**Exercise prompt**: Of the lines in the data below, write out exactly those from the one holding "End Heights." through the one holding "and exponent at least [M / d]. *)", both included.

** Supplied material follows **

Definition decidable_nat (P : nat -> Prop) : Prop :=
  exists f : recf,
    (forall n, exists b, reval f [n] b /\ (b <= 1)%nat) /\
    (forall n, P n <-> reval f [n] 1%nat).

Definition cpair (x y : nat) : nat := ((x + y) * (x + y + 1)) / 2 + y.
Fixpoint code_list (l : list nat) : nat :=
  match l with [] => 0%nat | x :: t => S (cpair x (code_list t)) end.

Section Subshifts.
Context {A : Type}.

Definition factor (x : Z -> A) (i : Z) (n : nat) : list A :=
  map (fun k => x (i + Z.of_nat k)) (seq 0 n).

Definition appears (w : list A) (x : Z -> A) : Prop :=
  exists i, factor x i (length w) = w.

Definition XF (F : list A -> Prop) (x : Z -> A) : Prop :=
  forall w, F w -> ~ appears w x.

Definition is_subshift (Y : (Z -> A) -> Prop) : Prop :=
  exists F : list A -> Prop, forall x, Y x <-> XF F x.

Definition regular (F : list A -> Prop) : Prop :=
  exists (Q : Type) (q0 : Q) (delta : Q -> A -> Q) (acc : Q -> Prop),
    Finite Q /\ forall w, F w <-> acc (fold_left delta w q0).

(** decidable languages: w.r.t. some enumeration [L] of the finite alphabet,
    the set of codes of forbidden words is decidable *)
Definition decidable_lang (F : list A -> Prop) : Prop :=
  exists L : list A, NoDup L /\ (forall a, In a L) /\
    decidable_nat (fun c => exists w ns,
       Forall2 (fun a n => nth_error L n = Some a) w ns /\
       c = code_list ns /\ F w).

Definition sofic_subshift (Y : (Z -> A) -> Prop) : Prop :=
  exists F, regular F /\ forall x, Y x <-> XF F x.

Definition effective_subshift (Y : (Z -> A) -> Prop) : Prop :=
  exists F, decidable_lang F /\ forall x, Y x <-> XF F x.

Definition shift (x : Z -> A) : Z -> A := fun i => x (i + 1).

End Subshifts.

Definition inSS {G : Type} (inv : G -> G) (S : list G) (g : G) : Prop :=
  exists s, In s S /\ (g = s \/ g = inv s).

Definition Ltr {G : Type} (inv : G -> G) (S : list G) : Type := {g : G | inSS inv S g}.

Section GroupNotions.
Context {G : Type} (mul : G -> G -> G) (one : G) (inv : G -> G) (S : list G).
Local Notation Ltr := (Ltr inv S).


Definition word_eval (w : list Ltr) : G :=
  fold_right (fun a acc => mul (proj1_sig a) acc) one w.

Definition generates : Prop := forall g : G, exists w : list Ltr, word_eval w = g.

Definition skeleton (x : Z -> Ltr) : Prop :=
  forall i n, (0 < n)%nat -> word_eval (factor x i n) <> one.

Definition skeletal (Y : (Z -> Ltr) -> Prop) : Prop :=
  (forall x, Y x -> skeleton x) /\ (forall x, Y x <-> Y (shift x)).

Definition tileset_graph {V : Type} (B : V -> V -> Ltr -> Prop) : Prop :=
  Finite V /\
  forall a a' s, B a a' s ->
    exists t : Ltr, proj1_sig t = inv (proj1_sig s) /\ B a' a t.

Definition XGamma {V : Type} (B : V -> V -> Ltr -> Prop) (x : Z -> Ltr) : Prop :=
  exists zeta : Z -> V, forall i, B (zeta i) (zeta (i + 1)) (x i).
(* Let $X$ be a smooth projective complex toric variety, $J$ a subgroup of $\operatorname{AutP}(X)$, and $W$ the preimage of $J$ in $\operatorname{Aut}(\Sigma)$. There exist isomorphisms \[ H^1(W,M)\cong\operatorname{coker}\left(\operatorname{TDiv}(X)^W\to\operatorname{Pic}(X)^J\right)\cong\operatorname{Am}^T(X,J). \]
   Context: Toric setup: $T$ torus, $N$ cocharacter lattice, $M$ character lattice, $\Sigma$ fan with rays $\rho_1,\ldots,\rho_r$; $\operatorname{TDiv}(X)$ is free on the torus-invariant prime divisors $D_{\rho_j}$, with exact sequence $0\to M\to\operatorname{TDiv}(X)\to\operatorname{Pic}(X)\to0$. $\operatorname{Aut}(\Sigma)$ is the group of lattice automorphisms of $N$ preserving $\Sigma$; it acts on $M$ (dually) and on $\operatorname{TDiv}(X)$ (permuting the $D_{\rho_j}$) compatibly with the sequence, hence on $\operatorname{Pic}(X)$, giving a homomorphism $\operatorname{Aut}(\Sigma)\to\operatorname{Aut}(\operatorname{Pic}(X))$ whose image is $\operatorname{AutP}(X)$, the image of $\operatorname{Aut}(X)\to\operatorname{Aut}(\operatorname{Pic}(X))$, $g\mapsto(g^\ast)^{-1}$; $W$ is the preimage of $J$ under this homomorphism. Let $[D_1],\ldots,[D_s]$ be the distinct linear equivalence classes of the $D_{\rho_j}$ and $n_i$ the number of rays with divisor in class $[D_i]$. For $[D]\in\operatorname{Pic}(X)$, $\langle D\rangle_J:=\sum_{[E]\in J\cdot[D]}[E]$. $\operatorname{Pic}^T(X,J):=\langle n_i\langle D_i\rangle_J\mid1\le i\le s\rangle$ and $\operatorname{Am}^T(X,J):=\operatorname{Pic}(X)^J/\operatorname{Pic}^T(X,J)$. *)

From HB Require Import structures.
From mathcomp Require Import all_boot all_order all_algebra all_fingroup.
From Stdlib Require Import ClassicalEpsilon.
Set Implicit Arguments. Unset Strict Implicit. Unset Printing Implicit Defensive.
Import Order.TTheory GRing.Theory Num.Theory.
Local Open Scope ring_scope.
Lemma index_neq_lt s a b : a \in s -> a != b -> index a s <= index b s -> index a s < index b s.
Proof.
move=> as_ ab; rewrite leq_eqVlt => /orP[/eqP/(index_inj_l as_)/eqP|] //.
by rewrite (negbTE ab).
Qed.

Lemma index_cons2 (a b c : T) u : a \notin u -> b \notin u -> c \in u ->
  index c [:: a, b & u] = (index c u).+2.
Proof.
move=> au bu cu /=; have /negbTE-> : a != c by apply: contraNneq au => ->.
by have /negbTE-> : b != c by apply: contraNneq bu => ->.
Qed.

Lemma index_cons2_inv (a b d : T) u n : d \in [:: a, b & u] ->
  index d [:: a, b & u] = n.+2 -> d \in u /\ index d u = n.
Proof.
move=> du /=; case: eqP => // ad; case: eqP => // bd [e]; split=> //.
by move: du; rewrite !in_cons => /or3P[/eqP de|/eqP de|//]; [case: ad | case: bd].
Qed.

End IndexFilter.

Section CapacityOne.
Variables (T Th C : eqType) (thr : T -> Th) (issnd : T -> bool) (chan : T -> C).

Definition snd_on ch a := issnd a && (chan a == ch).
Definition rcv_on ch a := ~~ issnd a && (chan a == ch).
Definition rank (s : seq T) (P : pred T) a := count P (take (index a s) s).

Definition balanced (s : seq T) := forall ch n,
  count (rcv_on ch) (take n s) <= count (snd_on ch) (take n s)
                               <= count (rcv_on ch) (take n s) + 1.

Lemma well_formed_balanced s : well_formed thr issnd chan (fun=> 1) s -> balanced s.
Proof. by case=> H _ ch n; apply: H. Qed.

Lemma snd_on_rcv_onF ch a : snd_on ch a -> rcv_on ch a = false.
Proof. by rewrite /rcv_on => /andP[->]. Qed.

** End of Supplied material **
** Supplied material follows **

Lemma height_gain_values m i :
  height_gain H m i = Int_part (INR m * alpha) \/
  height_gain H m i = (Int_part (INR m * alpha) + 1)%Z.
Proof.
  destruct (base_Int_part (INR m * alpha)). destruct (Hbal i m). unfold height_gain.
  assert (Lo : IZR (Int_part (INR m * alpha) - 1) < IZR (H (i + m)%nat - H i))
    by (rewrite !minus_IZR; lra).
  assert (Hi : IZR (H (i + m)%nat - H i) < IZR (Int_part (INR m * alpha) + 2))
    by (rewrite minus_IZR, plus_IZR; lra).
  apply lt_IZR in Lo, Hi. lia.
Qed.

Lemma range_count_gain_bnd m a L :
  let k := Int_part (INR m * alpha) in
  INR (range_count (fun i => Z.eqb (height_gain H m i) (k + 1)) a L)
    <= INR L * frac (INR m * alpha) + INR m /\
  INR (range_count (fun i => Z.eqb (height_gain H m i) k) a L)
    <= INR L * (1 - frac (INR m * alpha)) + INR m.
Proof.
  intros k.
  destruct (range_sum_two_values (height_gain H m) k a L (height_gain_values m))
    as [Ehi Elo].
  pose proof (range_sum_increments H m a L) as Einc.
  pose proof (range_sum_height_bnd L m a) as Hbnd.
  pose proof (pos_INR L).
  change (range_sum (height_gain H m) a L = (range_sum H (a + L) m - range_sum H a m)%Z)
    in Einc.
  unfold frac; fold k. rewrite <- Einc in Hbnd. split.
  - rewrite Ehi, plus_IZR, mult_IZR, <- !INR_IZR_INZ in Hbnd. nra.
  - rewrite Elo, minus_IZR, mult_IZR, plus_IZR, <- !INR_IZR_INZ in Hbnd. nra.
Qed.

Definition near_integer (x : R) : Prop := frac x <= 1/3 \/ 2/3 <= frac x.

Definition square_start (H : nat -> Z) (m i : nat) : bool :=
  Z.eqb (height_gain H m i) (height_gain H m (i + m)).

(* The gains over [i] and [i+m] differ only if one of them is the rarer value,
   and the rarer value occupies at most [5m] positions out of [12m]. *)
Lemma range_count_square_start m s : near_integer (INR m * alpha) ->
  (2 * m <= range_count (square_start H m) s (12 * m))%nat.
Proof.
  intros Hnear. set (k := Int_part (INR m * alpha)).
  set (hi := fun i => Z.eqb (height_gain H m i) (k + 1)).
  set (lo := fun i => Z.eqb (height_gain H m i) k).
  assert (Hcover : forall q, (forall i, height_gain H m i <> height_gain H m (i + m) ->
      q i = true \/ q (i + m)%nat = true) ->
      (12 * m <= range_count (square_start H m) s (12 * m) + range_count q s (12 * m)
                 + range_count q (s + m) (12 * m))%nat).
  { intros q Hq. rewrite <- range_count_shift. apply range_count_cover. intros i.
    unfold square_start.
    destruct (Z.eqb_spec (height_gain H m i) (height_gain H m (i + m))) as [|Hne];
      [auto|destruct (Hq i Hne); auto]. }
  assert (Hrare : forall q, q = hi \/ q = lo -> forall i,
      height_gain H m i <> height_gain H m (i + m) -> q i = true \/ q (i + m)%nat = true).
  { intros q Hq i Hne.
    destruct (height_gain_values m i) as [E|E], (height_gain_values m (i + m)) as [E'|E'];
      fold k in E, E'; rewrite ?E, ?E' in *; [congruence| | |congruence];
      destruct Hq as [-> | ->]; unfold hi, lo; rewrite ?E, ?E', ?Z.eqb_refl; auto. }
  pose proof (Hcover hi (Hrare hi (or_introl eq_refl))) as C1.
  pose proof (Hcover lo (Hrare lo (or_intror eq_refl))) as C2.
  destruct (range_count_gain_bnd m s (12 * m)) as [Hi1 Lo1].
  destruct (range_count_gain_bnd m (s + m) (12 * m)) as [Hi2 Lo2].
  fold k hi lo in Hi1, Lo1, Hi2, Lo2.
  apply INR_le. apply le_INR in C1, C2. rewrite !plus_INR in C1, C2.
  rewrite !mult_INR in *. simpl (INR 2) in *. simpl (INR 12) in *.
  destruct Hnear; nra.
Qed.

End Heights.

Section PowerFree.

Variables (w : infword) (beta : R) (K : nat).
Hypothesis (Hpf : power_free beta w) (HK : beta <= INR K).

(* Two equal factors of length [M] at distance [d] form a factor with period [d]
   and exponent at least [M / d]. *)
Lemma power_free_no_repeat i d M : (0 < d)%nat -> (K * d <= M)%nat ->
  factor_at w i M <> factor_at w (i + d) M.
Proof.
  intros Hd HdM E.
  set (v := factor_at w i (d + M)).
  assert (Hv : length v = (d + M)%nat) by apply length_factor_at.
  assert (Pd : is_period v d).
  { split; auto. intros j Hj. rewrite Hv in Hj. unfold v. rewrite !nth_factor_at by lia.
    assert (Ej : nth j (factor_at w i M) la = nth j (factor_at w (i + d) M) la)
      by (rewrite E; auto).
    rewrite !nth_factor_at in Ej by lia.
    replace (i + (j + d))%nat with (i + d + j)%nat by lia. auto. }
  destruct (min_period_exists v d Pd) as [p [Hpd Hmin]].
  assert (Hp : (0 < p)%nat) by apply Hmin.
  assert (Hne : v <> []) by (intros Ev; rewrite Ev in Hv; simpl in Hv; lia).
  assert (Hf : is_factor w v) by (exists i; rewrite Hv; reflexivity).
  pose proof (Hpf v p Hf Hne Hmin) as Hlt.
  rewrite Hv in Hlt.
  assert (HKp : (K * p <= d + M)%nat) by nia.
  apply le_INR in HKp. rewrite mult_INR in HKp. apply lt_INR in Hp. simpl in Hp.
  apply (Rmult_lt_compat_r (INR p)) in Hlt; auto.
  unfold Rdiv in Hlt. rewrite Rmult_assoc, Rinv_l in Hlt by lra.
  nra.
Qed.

** End of Supplied material **

**Result of the task**:
End Heights.

Section PowerFree.

Variables (w : infword) (beta : R) (K : nat).
Hypothesis (Hpf : power_free beta w) (HK : beta <= INR K).

(* Two equal factors of length [M] at distance [d] form a factor with period [d]
   and exponent at least [M / d]. *)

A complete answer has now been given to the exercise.